Objective: To estimate the presence of depression and impairment of quality of life in primary care and identify correlations with demographics and chronic diseases.
Materials And Methods: 500 people (220 men) that visited the Gytheio Health Center, Greece, participated in the study answering a study questionnaire that included demographic and somatometric data, medical history, the Zung self-rating depression scale (SDS-Zung) and the Short Form 12 (SF-12) scale for quality of life evaluation with a mental component scale (MCS) and a physical component scale (PCS).

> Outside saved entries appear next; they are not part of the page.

Lemma big_tuple_cons n (F : n.+1.-tuple T -> V) :
  \sum_p F p = \sum_z \sum_(q : n.-tuple T) F [tuple of z :: q].
Proof.
rewrite pair_big /=.
rewrite (reindex (fun u : T * n.-tuple T => [tuple of u.1 :: u.2])) //=.
exists (fun p : n.+1.-tuple T => (thead p, [tuple of behead p])) => [[z q]|p] _ /=.
  by congr pair; apply: val_inj.
by rewrite [RHS]tuple_eta.
Qed.

Lemma big_tuple_rcons n (F : n.+1.-tuple T -> V) :
  \sum_p F p = \sum_z \sum_(q : n.-tuple T) F (rcons_tuple q z).
Proof.
rewrite (reindex_inj (@rev_tuple_inj n.+1)) /= big_tuple_cons.
apply: eq_bigr => z _; rewrite (reindex_inj (@rev_tuple_inj n)) /=.
by apply: eq_bigr => q _; congr F; apply: val_inj; rewrite /= rev_cons revK.
Qed.

End TupleSums.

Section MakiThompson.
Variables (R : realType) (N : nat).
Hypothesis N_gt0 : (1 <= N)%N.
Local Notation G := (grid N).
Local Notation Q := (@Qkill R N).
Local Notation d := (defpt N).

Definition v0 : G := (inord N, inord 1).
Definition v1 : G := (inord N.-1, inord 2).

Definition step (a b : G) : bool := stepUp a b || stepDown a b.

Definition rho (a b : G) : R :=
  if stepUp a b then (xc a * yc a)%:R else (yc a * (N - xc a))%:R.

Definition lam (b : G) : R := (N * yc b)%:R.

Definition pathSum (b : G) (L : nat) : R :=
  \sum_(p : L.+1.-tuple G | isPath N b L p) weight N L p.

Lemma xc_v0 : xc v0 = N. Proof. by rewrite /xc /= inordK. Qed.
Lemma yc_v0 : yc v0 = 1%N. Proof. by rewrite /yc /= inordK //; lia. Qed.
Lemma xc_v1 : xc v1 = N.-1. Proof. by rewrite /xc /= inordK //; lia. Qed.
Lemma yc_v1 : yc v1 = 2%N. Proof. by rewrite /yc /= inordK //; lia. Qed.

Lemma grid_eqE (a b : G) : (a == b) = (xc a == xc b) && (yc a == yc b).
Proof. by case: a b => [a1 a2] [b1 b2]. Qed.

Lemma xc_leN (a : G) : (xc a <= N)%N.
Proof. by rewrite /xc -ltnS ltn_ord. Qed.

Lemma xy_v0E (a : G) : (xc a == N) && (yc a == 1%N) = (a == v0).
Proof. by rewrite grid_eqE xc_v0 yc_v0. Qed.

Lemma xy_v1E (a : G) : (xc a == N.-1) && (yc a == 2%N) = (a == v1).
Proof. by rewrite grid_eqE xc_v1 yc_v1. Qed.

Lemma inS_v0 : inS N v0.
Proof. by rewrite /inS xc_v0 yc_v0 !eqxx. Qed.

Lemma inS_v1 : inS N v1.
Proof. by rewrite /inS xc_v1 yc_v1 /=; apply/orP; right; lia. Qed.

Lemma v1_neq_v0 : v1 != v0.
Proof. by rewrite grid_eqE xc_v1 yc_v1 xc_v0 yc_v0; lia. Qed.

Lemma inS_neq_v0 {a : G} : inS N a -> a != v0 ->
  (2 <= yc a)%N /\ (xc a + yc a <= N.+1)%N.
Proof. by rewrite /inS xy_v0E => /orP[->|/andP[]]. Qed.

Lemma pathL_step {a b : G} : inS N a -> step a b -> pathL N b = (pathL N a).+1.
Proof.
rewrite /step /pathL /inS => Sa /orP[]/andP[/eqP ? /eqP ?];
have := xc_leN a; move: Sa => /orP[/andP[/eqP ? /eqP ?]|/andP[? ?]]; lia.
Qed.

Lemma pathL_v0 : pathL N v0 = 0%N.
Proof. by rewrite /pathL xc_v0 yc_v0; lia. Qed.

Lemma pathL_v1 : pathL N v1 = 1%N.
Proof. by rewrite /pathL xc_v1 yc_v1; lia. Qed.

Lemma pathL_ge2 {b : G} : inS N b -> b != v0 -> b != v1 -> (2 <= pathL N b)%N.
Proof.
move=> Sb b0; have [? ?] := inS_neq_v0 Sb b0.
by rewrite grid_eqE xc_v1 yc_v1 /pathL negb_and => /orP[]/eqP; lia.
Qed.

Lemma pathL_ind (P : G -> Prop) :
  (forall b, (forall a, (pathL N a < pathL N b)%N -> P a) -> P b) -> forall b, P b.
Proof.
move=> IH b; have [n] := ubnP (pathL N b); elim: n b => // n IHn b lt_b.
by apply: IH => a lt_ab; apply: IHn; lia.
Qed.

Lemma step_neq_v0 {a b : G} : inS N a -> step a b -> b != v0.
Proof. by move=> Sa /(pathL_step Sa) Lb; apply/eqP => Eb; move: Lb; rewrite Eb pathL_v0. Qed.

Lemma step_irr (b : G) : step b b = false.
Proof. by apply/negbTE; rewrite /step /stepUp /stepDown; lia. Qed.

Lemma stepUp_v0v1 : stepUp v0 v1.
Proof. by rewrite /stepUp xc_v0 yc_v0 xc_v1 yc_v1 prednK ?eqxx. Qed.

Lemma rate_step (a b : G) : step a b -> rate N a b = rho a b.
Proof. by rewrite /step /rate /rho; case: ifP => // _ /= ->. Qed.

Lemma Qkill_offE (a b : G) : a != b ->
  Q a b = if inS N a && inS N b then rate N a b else 0.
Proof. by move=> /negbTE ab; rewrite /Qkill ab. Qed.

Lemma Qkill_diag (b : G) : inS N b -> Q b b = - lam b.
Proof. by move=> Sb; rewrite /Qkill Sb eqxx. Qed.

Lemma Qkill_off_ge0 (a b : G) : a != b -> 0 <= Q a b.
Proof. by move=> ab; rewrite Qkill_offE // /rate; do 3!case: ifP => //. Qed.

Lemma Qkill_neq0 {a b : G} : a != b -> Q a b != 0 ->
  [/\ inS N a, inS N b & step a b].
Proof.
move=> ab; rewrite Qkill_offE //; case: ifP => [/andP[Sa Sb]|_]; last by rewrite eqxx.
by rewrite /rate /step; do 2!case: ifP => //; rewrite ?orbT ?eqxx.
Qed.

Lemma Qkill_nostep {a b : G} : a != b -> ~~ step a b -> Q a b = 0.
Proof. by move=> ab; apply: contraNeq => /(Qkill_neq0 ab)[]. Qed.

Lemma Qkill_pathL_lt {a b : G} : a != b -> Q a b != 0 -> (pathL N a < pathL N b)%N.
Proof. by move=> ab /(Qkill_neq0 ab)[Sa _ /(pathL_step Sa) ->]. Qed.

Lemma actM_v0 (mu : G -> R) : actM Q mu v0 = - lam0 N * mu v0.
Proof.
rewrite /actM (bigD1 v0) //= big1 ?addr0.
  by rewrite Qkill_diag ?inS_v0 // mulrC /lam /lam0 yc_v0 muln1.
move=> a a0; have [->|] := eqVneq (Q a v0) 0; first by rewrite mulr0.
by move=> /(Qkill_neq0 a0)[Sa _ /(step_neq_v0 Sa)]; rewrite eqxx.
Qed.

Lemma actM_notinS (mu : G -> R) b : ~~ inS N b -> actM Q mu b = 0.
Proof. by move=> Sb; rewrite /actM big1 // => a _; rewrite /Qkill (negbTE Sb) andbF mulr0. Qed.

Lemma actM_inS (mu : G -> R) b : inS N b ->
  actM Q mu b = - lam b * mu b + \sum_(a | a != b) mu a * Q a b.
Proof. by move=> Sb; rewrite /actM (bigD1 b) //= Qkill_diag // mulrC. Qed.

Lemma nth_rcons_tuple n (q : n.+1.-tuple G) z j : (j <= n)%N ->
  nth d (rcons_tuple q z) j = nth d q j.
Proof. by move=> jn; rewrite /= nth_rcons size_tuple ltnS jn. Qed.

Lemma nth_rcons_tuple_last n (q : n.+1.-tuple G) z : nth d (rcons_tuple q z) n.+1 = z.
Proof. by rewrite /= nth_rcons size_tuple ltnn eqxx. Qed.

Lemma steps_rcons n (q : n.+1.-tuple G) z :
  [forall j : 'I_n.+1, stepUp (nth d (rcons_tuple q z) j) (nth d (rcons_tuple q z) j.+1)
                    || stepDown (nth d (rcons_tuple q z) j) (nth d (rcons_tuple q z) j.+1)] =
  [forall j : 'I_n, stepUp (nth d q j) (nth d q j.+1) || stepDown (nth d q j) (nth d q j.+1)]
  && step (nth d q n) z.
Proof.
apply/forallP/andP => [steps|[/forallP steps last_step] j].
  split; last by have := steps ord_max; rewrite /= nth_rcons_tuple // nth_rcons_tuple_last.
  apply/forallP => j; have := steps (widen_ord (leqnSn n) j).
  by rewrite /= !nth_rcons_tuple // ltnW.
have [jn|] := ltnP j n.
  by have := steps (Ordinal jn); rewrite /= !nth_rcons_tuple // ltnW.
rewrite leq_eqVlt ltnNge -ltnS ltn_ord orbF => /eqP <-.
by rewrite nth_rcons_tuple // nth_rcons_tuple_last.
Qed.

Lemma isPath_rcons n (b z : G) (q : n.+1.-tuple G) :
  isPath N b n.+1 (rcons_tuple q z) =
  [&& z == b, inS N z, isPath N (nth d q n) n q & step (nth d q n) z].
Proof.
rewrite /isPath nth_rcons_tuple // nth_rcons_tuple_last steps_rcons all_rcons eqxx.
move: (xc _ == N) (yc _ == 1%N) (z == b) (inS N z) (all _ _) [forall _, _] (step _ _).
by do 7!case.
Qed.

Lemma isPath_last {n} {a : G} {q : n.+1.-tuple G} :
  isPath N a n q -> nth d q n = a /\ inS N a.
Proof.
case/and4P => _ /eqP <- all_inS _; split => //.
by move/allP: all_inS; apply; rewrite mem_nth // size_tuple.
Qed.

Lemma pathSum_notinS (b : G) L : ~~ inS N b -> pathSum b L = 0.
Proof. by move=> Sb; rewrite /pathSum big1 // => p /isPath_last[_]; rewrite (negbTE Sb). Qed.

Lemma pathSum_rcons n (b : G) : pathSum b n.+1 =
  \sum_a \sum_(q : n.+1.-tuple G | isPath N a n q && (step a b && inS N b))
     weight N n.+1 (rcons_tuple q b).
Proof.
rewrite /pathSum big_mkcond /= big_tuple_rcons.
rewrite (bigD1 b) //= [X in _ + X]big1 ?addr0; last first.
  by move=> z zb; apply: big1 => q _; rewrite isPath_rcons (negbTE zb).
under [RHS]eq_bigr do rewrite big_mkcond.
rewrite [RHS]exchange_big /=; apply: eq_bigr => q _.
rewrite isPath_rcons eqxx /= (bigD1 (nth d q n)) //= [X in _ + X]big1 ?addr0; last first.
  by move=> a an; case: ifP => // /andP[/isPath_last[qa _]]; rewrite qa eqxx in an.
by case: (inS N b); case: (isPath _ _ _ _); case: (step _ _).
Qed.

Lemma weight_rcons n (q : n.+1.-tuple G) (b : G) : (1 <= n)%N ->
  weight N n.+1 (rcons_tuple q b) =
  weight N n q * (rho (nth d q n) b / (lam b - lam0 N)).
Proof.
move=> n_gt0; rewrite /weight /= nth_rcons_tuple_last big_nat_recr //=.
rewrite nth_rcons_tuple // nth_rcons_tuple_last.
under eq_big_nat => j /andP[_ jn] do rewrite !nth_rcons_tuple ?(ltnW jn) //.
rewrite /rho /lam; set P := \prod_(1 <= i < n) _; set r := (if _ then _ else _).
by move: P r (lam0 N) ((N * yc b)%:R) ((N * yc (nth d q n))%:R) => P r l u v; ring.
Qed.

Lemma weight_rcons1 (q : 1.-tuple G) (b : G) :
  weight N 1 (rcons_tuple q b) = lam0 N / (lam b - lam0 N).
Proof. by rewrite /weight /= big_geq // mulr1 nth_rcons_tuple_last. Qed.

Lemma isPath0_v0 (q : 1.-tuple G) : isPath N v0 0 q = (q == [tuple v0]).
Proof.
have -> : q = [tuple thead q].
  by rewrite [LHS]tuple_eta; congr [tuple of _ :: _]; rewrite tuple0.
rewrite /isPath /= xy_v0E.
have -> : [forall j : 'I_0, stepUp (nth d [:: thead q] j) (nth d [:: thead q] j.+1)
    || stepDown (nth d [:: thead q] j) (nth d [:: thead q] j.+1)] by apply/forallP => -[].
rewrite andbT; have [->|q0] := eqVneq (thead q) v0; first by rewrite inS_v0 eqxx.
apply/esym/negbTE; apply: contra q0 => /eqP/(congr1 (fun t : 1.-tuple G => thead t)).
by rewrite !theadE => ->.
Qed.

Lemma pathSum_v1 : pathSum v1 1 = lam0 N / ((N * 2)%:R - lam0 N).
Proof.
rewrite pathSum_rcons (bigD1 v0) //= [X in _ + X]big1 ?addr0; last first.
  move=> a a0; apply: big1 => q /andP[/and4P[q0 /eqP qa _ _] _]; exfalso.
  by move: a0; rewrite -qa -xy_v0E q0.
rewrite /step stepUp_v0v1 inS_v1 /=.
under eq_bigl do rewrite andbT isPath0_v0.
by rewrite big_pred1_eq weight_rcons1 /lam yc_v1.
Qed.

Lemma lam_sub_gt0 (b : G) : (2 <= yc b)%N -> 0 < lam b - lam0 N.
Proof. by move=> y2; rewrite subr_gt0 /lam /lam0 ltr_nat; nia. Qed.

Lemma lam_sub_neq0 {b : G} : inS N b -> b != v0 -> lam b - lam0 N != 0.
Proof. by move=> Sb /(inS_neq_v0 Sb)[/lam_sub_gt0/gt_eqF ->]. Qed.

Lemma pathSum_rec n (b : G) : (1 <= n)%N -> inS N b -> b != v0 ->
  pathSum b n.+1 * (lam b - lam0 N) =
  \sum_a (if step a b then pathSum a n * rho a b else 0).
Proof.
move=> n_gt0 Sb b0; rewrite pathSum_rcons mulr_suml; apply: eq_bigr => a _.
rewrite Sb; case: ifP => ab; last by rewrite big_pred0 ?mul0r // => q; rewrite andbF.
rewrite /pathSum !mulr_suml; apply: eq_big => [q|q]; rewrite !andbT // => qa.
by rewrite weight_rcons // (isPath_last qa).1 -mulrA divfK // lam_sub_neq0.
Qed.

Lemma nuU_v0 : nuU N v0 = 1 :> R.
Proof. by rewrite /nuU xy_v0E eqxx. Qed.

Lemma nuU_v1 : nuU N v1 = lam0 N / ((N * 2)%:R - lam0 N) :> R.
Proof. by rewrite /nuU xy_v0E xy_v1E (negbTE v1_neq_v0) eqxx. Qed.

Lemma nuU_pathSum (b : G) : b != v0 -> b != v1 ->
  nuU N b = (if inS N b then pathSum b (pathL N b) else 0 : R).
Proof. by move=> b0 b1; rewrite /nuU xy_v0E xy_v1E (negbTE b0) (negbTE b1). Qed.

Lemma nuU_notinS (b : G) : ~~ inS N b -> nuU N b = 0 :> R.
Proof.
move=> Sb; have b0 : b != v0 by apply: contraNneq Sb => ->; exact: inS_v0.
have b1 : b != v1 by apply: contraNneq Sb => ->; exact: inS_v1.
by rewrite nuU_pathSum // (negbTE Sb).
Qed.

Lemma nuU_inS (a : G) : inS N a -> a != v0 -> nuU N a = pathSum a (pathL N a).
Proof.
move=> Sa a0; have [->|a1] := eqVneq a v1; first by rewrite nuU_v1 pathL_v1 pathSum_v1.
by rewrite nuU_pathSum // Sa.
Qed.

(* The only predecessor of [v1] in S* is [v0]. *)
Lemma nuU_balance_v1 :
  nuU N v1 * (lam v1 - lam0 N) = \sum_(a | a != v1) nuU N a * Q a v1.
Proof.
rewrite nuU_v1 /lam yc_v1 divfK; last by have := lam_sub_neq0 inS_v1 v1_neq_v0; rewrite /lam yc_v1.
rewrite (bigD1 v0) 1?eq_sym ?v1_neq_v0 //= [X in _ + X]big1 ?addr0.
  rewrite nuU_v0 mul1r Qkill_offE 1?eq_sym ?v1_neq_v0 // inS_v0 inS_v1 /rate stepUp_v0v1.
  by rewrite xc_v0 yc_v0 muln1.
move=> a /andP[a1 a0]; have [->|/(Qkill_neq0 a1)[Sa _]] := eqVneq (Q a v1) 0; first by rewrite mulr0.
move: a0 Sa; rewrite /step /stepUp /stepDown xc_v1 yc_v1 -xy_v0E /inS.
by move=> + + /orP[]/andP[/eqP ? /eqP ?]; lia.
Qed.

Results: 163 persons (32.6% of the study population) had SDS-Zung scores over 50 indicating depressive symptomatology. Of those 22% of the study population (70% women) had no awareness of their problem and were under no treatment; 80 (16% of the study population) had mild depressive symptoms (SDS-Zung: 53.12±0.6 [95% CI]) and physical impairment: MCS12: 44.32±1.9 (95% CI), PCS: 39.16±2.2 (95% CI) (p<0.005) and 23 (4.6% of study population) had moderate symptoms (SDS-Zung: 63.82±1.34 [95% CI]), with mental and physical impairment: MCS12: 36.99±1.88 (95% CI), PCS: 34.83±5.12 (95% CI) (p<0.005) adjusted for age, sex and co-morbidities. Arthritis and COPD were associated with depressive symptomatology and physical impairment (p<0.05) and coronary heart disease and congestive heart failure with physical impairment (p<0.005). Patients under anti-depressive medication had significant depressive symptomatology and decreased quality of life (p<0.0005).
Conclusion: The prevalence of both depressive symptomatology and impairment of quality of life is significant and primary care with simple, validated tools can be the setting for identifying and helping such patients.